Last edited by acrosome; 02-13-2015 at 10:52 PM.
Yeah. To do the politics right, you really need to get the physical attributes down. The OCD way I try to do it, that'll take forever.
At least with a RL planet, you have a plausible topography ready-made. And a nice set of names!
Frankly, if I was doing it, I'd prefer the shadow ring. If the Solar day on Venus wasn't so very inconveniently long, I'd divide the day into several ~24 hour segments and a long night. No reflectors lighting up the night 'cause we don't want to increase insolation! But this is your project, and the night is so long, it would play hob-holy-hell with any Earth-derived ecology anyway. Bugger all!

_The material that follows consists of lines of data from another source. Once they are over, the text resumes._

(* phi(., w) is nonincreasing: let t -> 1 in adm_scale. *)
Lemma adm_nonincr w : nonincr_pos (fun rho => phi rho w).
Proof.
  move=> x y Hx Hxy /=; apply: le_of_scales => [|s Hs]; first exact: adm_nonneg.
  set t := rpow s (/ (1 - p)).
  have Ht0 : 0 < t by apply: rpow_pos; lra.
  have Ht1 : t < 1.
    rewrite /t rpow_gt0; last lra.
    apply: Rlt_le_trans (_ : Rpower s 0 <= 1); last by rewrite Rpower_O; lra.
    by apply: Rpower_lt => //; apply: Rinv_lt_0_compat; lra.
  have -> : s = rpow t (1 - p).
    rewrite /t rpow_rpow; last lra.
    have -> : / (1 - p) * (1 - p) = 1 by field; lra.
    by rewrite rpow_1; lra.
  by apply: adm_scale => //; nra.
Qed.

(* Definiteness propagates from rho0 to every rho: downwards by monotonicity,
   upwards by adm_scale. *)
Lemma adm_pos rho w : 0 < rho -> w <> vzero -> 0 < phi rho w.
Proof.
  move=> Hr Hw; have [_ [_ [_ [r0 [Hr0 Hpos]]]]] := HA; have P0 := Hpos w Hw.
  case: (Rle_lt_dec rho r0) => Hle.
    by have := adm_nonincr w rho r0 Hr Hle; lra.
  case: (adm_nonneg rho w Hr) => // H.
  set t := r0 / (2 * rho).
  have Ht : 0 < t < 1.
    split; first by apply: Rdiv_lt_0_compat; lra.
    by apply: (Rmult_lt_reg_r (2 * rho)); [lra|rewrite /t /Rdiv Rmult_assoc Rinv_l; lra].
  have Htr : t * rho < r0.
    have -> : t * rho = r0 / 2 by rewrite /t; field; lra.
    lra.
  by have := adm_scale rho r0 t w Hr Ht Htr; rewrite -H Rmult_0_r; lra.
Qed.
Lemma pushout_uniq (a b c d e : C) (f : CHom a b) (g : CHom a c)
    (f' : CHom c d) (g' : CHom b d) (m1 m2 : CHom d e) :
  is_pushout f g f' g' -> comp m1 g' = comp m2 g' -> comp m1 f' = comp m2 f' ->
  m1 = m2.
Proof.
move=> [sq un] e1 e2.
have [m [_ mu]] := un e (comp m1 g') (comp m1 f') (ltac:(by rewrite -!comp_assoc sq)).
by rewrite (mu m1) // (mu m2) -?e1 -?e2.
Qed.

Lemma pushout_sym (a b c d : C) (f : CHom a b) (g : CHom a c)
    (f' : CHom c d) (g' : CHom b d) :
  is_pushout f g f' g' -> is_pushout g f g' f'.
Proof.
move=> [sq un]; split=> // e h k hk.
have [m [[m1 m2] mu]] := un e k h (esym hk).
by exists m; split=> // m' h1 h2; apply: mu.
Qed.

End Preadditive.

Section Cokernels.
Variable C : CofCat.

Definition is_cokernel (x y q : C) (i : CHom x y) (p : CHom y q) :=
  comp p i = 0 /\ forall (e : C) (h : CHom y e), comp h i = 0 ->
    exists m : CHom q e, comp m p = h /\ forall m' : CHom q e, comp m' p = h -> m' = m.

Lemma cofseqE (x y q : C) (i : CHom x y) (p : CHom y q) :
  cofseq i p <-> cof i /\ is_cokernel i p.
Proof.
split.
- move=> [ci [sq un]]; split=> //; split; first by rewrite sq comp0l.
  move=> e h hi.
  have [m [[m1 _] mu]] := un e h 0 (ltac:(by rewrite hi comp0l)).
  by exists m; split=> // m' hm'; apply: mu => //; apply: zero_initial.
- move=> [ci [p0 un]]; split=> //; split; first by rewrite p0 comp0l.
  move=> e h k hk; have [m [m1 mu]] := un e h (ltac:(by rewrite hk comp0r)).
  exists m; split; first by split=> //; apply: zero_initial.
  by move=> m' h1 _; apply: mu.
Qed.

Lemma cofseq_comp0 (x y q : C) (i : CHom x y) (p : CHom y q) :
  cofseq i p -> comp p i = 0.
Proof. by case/cofseqE=> _ []. Qed.

Lemma cofseq_lift (x y q e : C) (i : CHom x y) (p : CHom y q) (h : CHom y e) :
  cofseq i p -> comp h i = 0 -> exists m : CHom q e, comp m p = h.
Proof. by case/cofseqE=> _ [_ un] /un [m [m1 _]]; exists m. Qed.

Lemma cofseq_epi (x y q e : C) (i : CHom x y) (p : CHom y q) (m m' : CHom q e) :
  cofseq i p -> comp m p = comp m' p -> m = m'.
Proof.
case/cofseqE=> _ [p0 un] eq_mp.
have [n [_ nu]] := un e (comp m p) (ltac:(by rewrite -comp_assoc p0 comp0r)).
by rewrite (nu m) // (nu m') // -eq_mp.
Qed.

Lemma cofseq_exists (x y : C) (i : CHom x y) :
  cof i -> exists (q : C) (p : CHom y q), cofseq i p.
Proof.
move=> ci; have [d [i' [p [po _]]]] := cof_pushout (0 : CHom x zero) ci.
by exists d, p; split=> //; rewrite (zero_initial i' 0) in po.
Qed.

Lemma cofseq_induced (x y q x' y' q' : C) (i : CHom x y) (p : CHom y q)
    (i' : CHom x' y') (p' : CHom y' q') (a : CHom x x') (b : CHom y y') :
  cofseq i p -> cofseq i' p' -> comp b i = comp i' a ->
  exists c : CHom q q', comp c p = comp p' b.
Proof.
move=> cs cs' sq; apply: (cofseq_lift cs).
by rewrite -comp_assoc sq comp_assoc (cofseq_comp0 cs') comp0l.
Qed.

Lemma cofseq_idm (x : C) : cofseq (idm x) (0 : CHom x zero).
Proof.
apply/cofseqE; split; first exact/cof_iso/iso_idm.
split; first by rewrite comp0l.
move=> e h; rewrite comp_id_r => ->.
by exists 0; split=> [|m' _]; [rewrite comp0l | apply: zero_initial].
Qed.

Lemma cofseq_from_zero_iso (u q : C) (i : CHom zero u) (p : CHom u q) :
  cofseq i p -> is_iso p.
Proof.
move=> cs; have [m mp] := cofseq_lift (h := idm u) cs (zero_initial _ _).
exists m; split=> //; apply: (cofseq_epi cs).
by rewrite -comp_assoc mp comp_id_l comp_id_r.
Qed.

Lemma pushout_cofseq (a b c d q : C) (f : CHom a b) (g : CHom a c)
    (f' : CHom c d) (g' : CHom b d) (p : CHom b q) :
  cofseq f p -> is_pushout f g f' g' -> cof f' ->
  exists pi : CHom d q, comp pi g' = p /\ cofseq f' pi.
Proof.
move=> cs po cf'; have [sq un] := po.
have [m [[m1 m2] _]] := un q p 0 (ltac:(by rewrite (cofseq_comp0 cs) comp0l)).
exists m; split=> //; apply/cofseqE; split=> //; split=> // e h hf.
have [n n1] := cofseq_lift (h := comp h g') cs
  (ltac:(by rewrite -comp_assoc sq comp_assoc hf comp0l)).
exists n; split.
  by apply: (pushout_uniq po); rewrite -comp_assoc ?m1 ?m2 // comp0r hf.
by move=> n' hn'; apply: (cofseq_epi cs); rewrite n1 -m1 comp_assoc hn'.
Qed.

(* Third isomorphism theorem: for x >-> y >-> z one has
   y/x >-> z/x ->> z/y. *)
Lemma cofseq_comp (x y z q1 q3 : C) (i : CHom x y) (j : CHom y z)
    (p1 : CHom y q1) (p3 : CHom z q3) :
  cofseq i p1 -> cofseq j p3 ->
  exists (d : C) (f : CHom z d) (j' : CHom q1 d) (t : CHom d q3),
    [/\ cofseq (comp j i) f, cofseq j' t & comp f j = comp j' p1].
Proof.
move=> cs1 cs3; have [ci _] := cs1; have [cj _] := cs3.
have [d [j' [f [po cj']]]] := cof_pushout p1 cj.
have [t [_ cst]] := pushout_cofseq cs3 po cj'.
exists d, f, j', t; have [sq un] := po; split=> //.
apply/cofseqE; split; first exact: cof_comp.
split; first by rewrite comp_assoc sq -comp_assoc (cofseq_comp0 cs1) comp0r.
move=> e h hji.
have [k k1] := cofseq_lift (h := comp h j) cs1 (ltac:(by rewrite -comp_assoc)).
have [m [[m1 m2] mu]] := un e h k (esym k1).
exists m; split=> // m' hm'; apply: mu => //; apply: (cofseq_epi cs1).
by rewrite -comp_assoc -sq comp_assoc hm' k1.
Qed.

Lemma cof_pushout2 (a b c : C) (f : CHom a b) (g : CHom a c) :
  cof f -> cof g ->
  exists (d : C) (f' : CHom c d) (g' : CHom b d),
    [/\ is_pushout f g f' g', cof f' & cof g'].
Proof.
move=> cf cg.
have [d [f' [g' [po cf']]]] := cof_pushout g cf.
have [d2 [f2 [g2 [po2 cf2]]]] := cof_pushout f cg.
have [sq un] := po; have [sq2 un2] := po2.
have [phi [[ph1 ph2] _]] := un2 d f' g' (esym sq).
have [psi [[ps1 ps2] _]] := un d2 f2 g2 (esym sq2).
exists d, f', g'; split=> //; rewrite -ph2; apply: cof_comp => //.
apply: cof_iso; exists psi; split.
  by apply: (pushout_uniq po2); rewrite -comp_assoc ?ph1 ?ph2 ?ps1 ?ps2 !comp_id_l.
by apply: (pushout_uniq po); rewrite -comp_assoc ?ph1 ?ph2 ?ps1 ?ps2 !comp_id_l.
Qed.

End Cokernels.

Section AdmissibleClass.
Variables (C : CofCat) (w : MorClass C).
Arguments w : clear implicits.
Hypothesis hw : admissible w.

Lemma w_iso (x y : C) (f : CHom x y) : is_iso f -> w _ _ f.
Proof. exact: hw.1. Qed.

Lemma w_idm (x : C) : w _ _ (idm x).
Proof. exact/w_iso/iso_idm. Qed.

Lemma w_comp (x y z : C) (f : CHom x y) (g : CHom y z) :
  w _ _ f -> w _ _ g -> w _ _ (comp g f).
Proof. exact: (hw.2.1 _ _ _ f g).1. Qed.

Lemma w_cancell (x y z : C) (f : CHom x y) (g : CHom y z) :
  w _ _ g -> w _ _ (comp g f) -> w _ _ f.
Proof. exact: (hw.2.1 _ _ _ f g).2.2. Qed.

Lemma w_gluing (x y q x' y' q' : C) (i : CHom x y) (p : CHom y q)
    (i' : CHom x' y') (p' : CHom y' q')
    (a : CHom x x') (b : CHom y y') (c : CHom q q') :
  cofseq i p -> cofseq i' p' -> comp b i = comp i' a -> comp c p = comp p' b ->
  (w _ _ a -> w _ _ b -> w _ _ c) /\
  (w _ _ a -> w _ _ c -> w _ _ b) /\
  (w _ _ b -> w _ _ c -> w _ _ a).
Proof. exact: hw.2.2. Qed.

Lemma cofseq_map_w (x y q x' y' q' : C) (i : CHom x y) (p : CHom y q)
    (i' : CHom x' y') (p' : CHom y' q') (a : CHom x x') (b : CHom y y') :
  cofseq i p -> cofseq i' p' -> comp b i = comp i' a -> w _ _ a -> w _ _ b ->
  exists2 c : CHom q q', comp c p = comp p' b & w _ _ c.
Proof.
move=> cs cs' sq wa wb; have [c hc] := cofseq_induced cs cs' sq.
by exists c => //; apply: (w_gluing cs cs' sq hc).1.
Qed.

(* Glue against the cofibration sequence x = x ->> 0. *)
Lemma w_cof_iff_cokernel (x y q : C) (i : CHom x y) (p : CHom y q) :
  cofseq i p -> (w _ _ i <-> Csup w q).
Proof.
move=> cs; have sq : comp i (idm x) = comp i (idm x) by [].
have sq' : comp (0 : CHom zero q) (0 : CHom x zero) = comp p i.
  by rewrite (cofseq_comp0 cs) comp0l.
have [wc [wb _]] := w_gluing (cofseq_idm x) cs sq sq'.
by split; [apply: wc | apply: wb]; apply: w_idm.
Qed.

I'm looking forward to seeing where you go with this.
Astrographer - My blog.
Klarr
-How to Fit a Map to a Globe
-Regina, Jewel of the Spinward Main(uvmapping to apply icosahedral projection worldmaps to 3d globes)
-Building a Ridge Heightmap in PS
-Faking Morphological Dilate and Contract with PS
-Editing Noise Into Terrain the Burpwallow Way
-Wilbur is Waldronate's. I'm just a fan.
Hey, All. I've started playing around with this project again. I was motivated by Azelor's climate method. I've thought about this project a lot, though.

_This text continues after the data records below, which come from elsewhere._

Lemma dotvE u v : dotv u v = \sum_j u 0 j * v 0 j.
Proof. by rewrite /dotv mxE; apply: eq_bigr => j _; rewrite mxE. Qed.

Lemma dotvC u v : dotv u v = dotv v u.
Proof. by rewrite !dotvE; apply: eq_bigr => j _; rewrite mulrC. Qed.

Lemma dotvDl u u' v : dotv (u + u') v = dotv u v + dotv u' v.
Proof. by rewrite !dotvE -big_split; apply: eq_bigr => j _; rewrite mxE mulrDl. Qed.

Lemma dotvZl k u v : dotv (k *: u) v = k * dotv u v.
Proof. by rewrite !dotvE mulr_sumr; apply: eq_bigr => j _; rewrite mxE mulrA. Qed.

Lemma dotvNl u v : dotv (- u) v = - dotv u v.
Proof. by rewrite -scaleN1r dotvZl mulN1r. Qed.

Lemma dotvBl u u' v : dotv (u - u') v = dotv u v - dotv u' v.
Proof. by rewrite dotvDl dotvNl. Qed.

Lemma dotv0l v : dotv 0 v = 0.
Proof. by rewrite -(scale0r 0) dotvZl mul0r. Qed.

Lemma dotvDr u v v' : dotv u (v + v') = dotv u v + dotv u v'.
Proof. by rewrite dotvC dotvDl !(dotvC u). Qed.

Lemma dotvZr k u v : dotv u (k *: v) = k * dotv u v.
Proof. by rewrite dotvC dotvZl dotvC. Qed.

Lemma dotvBr u v v' : dotv u (v - v') = dotv u v - dotv u v'.
Proof. by rewrite dotvC dotvBl !(dotvC u). Qed.

Lemma dotv0r v : dotv v 0 = 0.
Proof. by rewrite dotvC dotv0l. Qed.

Lemma dotv_sumr (I : finType) u (f : I -> 'rV[R]_n) :
  dotv u (\sum_i f i) = \sum_i dotv u (f i).
Proof. exact: (big_morph (dotv u) (dotvDr u) (dotv0r u)). Qed.

Lemma dotv_sumZr (I : finType) x (l : I -> R) (f : I -> 'rV[R]_n) :
  dotv x (\sum_i l i *: f i) = \sum_i l i * dotv x (f i).
Proof. by rewrite dotv_sumr; apply: eq_bigr => i _; rewrite dotvZr. Qed.

Lemma dotv_sum_affine (I : finType) x (l : I -> R) (f : I -> 'rV[R]_n) (d : I -> R) :
  \sum_i l i * (dotv x (f i) - d i) = dotv x (\sum_i l i *: f i) - \sum_i l i * d i.
Proof. by rewrite dotv_sumZr -sumrB; apply: eq_bigr => i _; rewrite mulrBr. Qed.

Lemma dotv_ge0 u : 0 <= dotv u u.
Proof. by rewrite dotvE; apply: sumr_ge0 => j _; rewrite -expr2 sqr_ge0. Qed.

Lemma dotv_eq0 u : (dotv u u == 0) = (u == 0).
Proof.
apply/eqP/eqP => [|->]; last exact: dotv0l.
rewrite dotvE => u0; apply/rowP => j; rewrite mxE; apply/eqP; rewrite -sqrf_eq0.
apply/eqP; move: j isT; apply/psumr_eq0P => [j _|]; first exact: sqr_ge0.
by rewrite -[RHS]u0; apply: eq_bigr => j _; rewrite expr2.
Qed.

Lemma dotv_gt0 u : (0 < dotv u u) = (u != 0).
Proof. by rewrite lt_def dotv_ge0 andbT dotv_eq0. Qed.

Lemma dotv_mulmx x (A : 'M[R]_n) y : dotv (x *m A) y = dotv x (y *m A^T).
Proof. by rewrite /dotv trmx_mul trmxK mulmxA. Qed.

Lemma sub_kermx_tr u v : (u <= kermx v^T)%MS = (dotv u v == 0).
Proof.
apply/sub_kermxP/eqP => [uv0|uv0]; first by rewrite /dotv uv0 mxE.
by rewrite [u *m v^T]mx11_scalar -/(dotv u v) uv0 raddf0.
Qed.

Lemma dotv_orthD u v : dotv u v = 0 -> dotv (u + v) (u + v) = dotv u u + dotv v v.
Proof. by move=> uv0; rewrite !(dotvDl, dotvDr) (dotvC v u) uv0 !addr0 add0r. Qed.

Lemma shortest_in_hyperplane v c l : v != 0 ->
  shortest_in [set l | dotv l v = c] l <-> l = (c / dotv v v) *: v.
Proof.
move=> v0; have vv0 : dotv v v != 0 by rewrite dotv_eq0.
set mu := _ *: v.
have mu_in : dotv mu v = c by rewrite dotvZl mulfVK.
have pythagoras l' : dotv l' v = c ->
    dotv l' l' = dotv mu mu + dotv (l' - mu) (l' - mu).
  move=> l'v; have orth : dotv (l' - mu) mu = 0.
    by rewrite dotvZr dotvBl l'v mu_in subrr mulr0.
  by rewrite -{1 2}(subrK mu l') (dotv_orthD _ _ orth) addrC.
split=> [[lv lmin]|->]; last first.
  split=> // l' /pythagoras ->; by rewrite lerDl dotv_ge0.
have := lmin _ mu_in; rewrite pythagoras // gerDl => le0.
by apply/eqP; rewrite -subr_eq0 -dotv_eq0 eq_le le0 dotv_ge0.
Qed.

End InnerProduct.

Section Reflections.
Context {R : realType} {n : nat}.
Implicit Types (b x : 'rV[R]_n) (d : R).

Definition reflmx b : 'M[R]_n := 1%:M - (2 / dotv b b) *: (b^T *m b).

Lemma reflE b d x : refl b d x = x *m reflmx b + (2 * d / dotv b b) *: b.
Proof.
rewrite /refl mulmxBr mulmx1 -scalemxAr mulmxA [x *m b^T]mx11_scalar mul_scalar_mx -/(dotv x b).
rewrite scalerA -addrA; congr (_ + _); rewrite -!scaleNr -scalerDl; congr (_ *: _).
by rewrite /GRing.scale /=; ring.
Qed.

I have decided not to use jonvanvliet's data, which is a shame because it is both beautiful and highly detailed. But it is not really elevation data- it's a combination of elevation and MIDR. MIDR was Magellan's maps that measured radar reflectivity, which is a measure of surface roughness- so very rough lava fields were bright, and smooth flows were dark. Averaging this with elevation data made rough areas seem artificially high, and smooth areas seem artificially low.
So I found the best Magellan elevation data that I could- which is not really very good, actually. The highest resolution available is 4.6km/pixel (which contrasts with tens of meters per pixel for some MIDR data). Also, there are a lot of missing areas and artifacts. Luckily, a large majority of artifacts were in low regions that would eventually be seas, so though it was tedious I was eventually able to fix it.

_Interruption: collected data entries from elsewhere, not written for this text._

(* Let $\Lambda=[m,n]\cap\mathbb Z$, let $(\nu_j)$ be real, and let $m\le l\le r\le n$. Then for all $t\in\mathbb R$, $$\|[c_l(t),a_r^*]\|\ge|\langle e^{-2itH^\Lambda_{\rm eff}}\delta_l,\delta_r\rangle|,$$ where $c_l(t)=e^{itH_\Lambda}c_le^{-itH_\Lambda}$.
   Context: $\mathfrak G_\Lambda=\bigotimes_{j=m}^n\mathbb C^2$; $\sigma_j^{x,y,z}$ are the Pauli matrices $\begin{pmatrix}0&1\\1&0\end{pmatrix},\begin{pmatrix}0&-i\\i&0\end{pmatrix},\begin{pmatrix}1&0\\0&-1\end{pmatrix}$ acting on factor $j$. $H_\Lambda=-\sum_{j=m}^{n-1}(\sigma^x_j\sigma^x_{j+1}+\sigma^y_j\sigma^y_{j+1})-\sum_{j=m}^n\nu_j\sigma^z_j$. Define $a_j^*=\frac12(\sigma^x_j+i\sigma^y_j)$, $a_j=\frac12(\sigma^x_j-i\sigma^y_j)$, and the Jordan–Wigner operators $c_m=a_m$, $c_{m+j}=\sigma^z_m\sigma^z_{m+1}\cdots\sigma^z_{m+j-1}a_{m+j}$ for $1\le j\le n-m$. $H^\Lambda_{\rm eff}$ is the restriction of $(H_{\rm eff}\psi)_k=\psi_{k+1}+\psi_{k-1}+\nu_k\psi_k$ to $\ell^2([m,n]\cap\mathbb Z)$ (Dirichlet truncation), and $\delta_j$ are the standard basis vectors. *)

From Stdlib Require Import Reals ZArith Arith ClassicalEpsilon.
Open Scope R_scope.

Record C := mkC { Cre : R; Cim : R }.
Definition C0 : C := mkC 0 0.
Definition C1 : C := mkC 1 0.
Definition Ci : C := mkC 0 1.
Definition RtoC (r : R) : C := mkC r 0.
Definition Cadd (x y : C) : C := mkC (Cre x + Cre y) (Cim x + Cim y).
Definition Copp (x : C) : C := mkC (- Cre x) (- Cim x).
Definition Csub (x y : C) : C := Cadd x (Copp y).
Definition Cmul (x y : C) : C :=
  mkC (Cre x * Cre y - Cim x * Cim y) (Cre x * Cim y + Cim x * Cre y).
Definition Cconj (x : C) : C := mkC (Cre x) (- Cim x).
Definition Cmod (x : C) : R := sqrt (Cre x ^ 2 + Cim x ^ 2).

Here is the final Wilbur texture:
The snow line there is set at around 10,000 feet, and green changes to brown at about 5,000 feet. On behalf of my countrymen I apologize for the use of the archaic units of measure. But frankly, weird units sort of work better for fantasy, anyway. Perhaps I'll annotate my next map in stades.
Note that these images have been shrunk, so they are not 4.6km/px. My original is 8192 x 4096 px. Also of note- that large continent on the equator is split into two land masses by that knot of channels near it's middle. (This is one reason that I chose to go with this sea level.) This is where African and Asian biomes will meet.
Here is a topo map using Azelor's method and colors:
It's actually kind of handy that so much of that Asian continent is so high in elevation, as this will mitigate being on the equator somewhat. Presumably most of that lower, northern part of it around the crescent-shaped Artemis Chasma will be desert, since it is in the correct latitudes.
Recall that I have rotated these maps by 180 degrees from the orientation used by the astronomers. This is to keep the convention that east is "the direction where the sun rises" and then the other cardinal directions follow from there. Also, it helps to hide the identity of the world from RPG players who otherwise might recognize it (which is an even harder problem on Mars).
Here's that map again in Winkel Tripel:
Next will be currents (again), winds (again), and pressure zones (again). I have made a layer from Wilbur with some large lakes (there are a lot of deep chiasma on Venus) but I need a general idea of climate so that I know which are lakes and which are dry depressions... and then I'll have to re-do the climates to take into account the lake effect. Again.
Sigh.
I find myself repeating my work a lot...
Last edited by acrosome; 11-29-2017 at 10:14 AM.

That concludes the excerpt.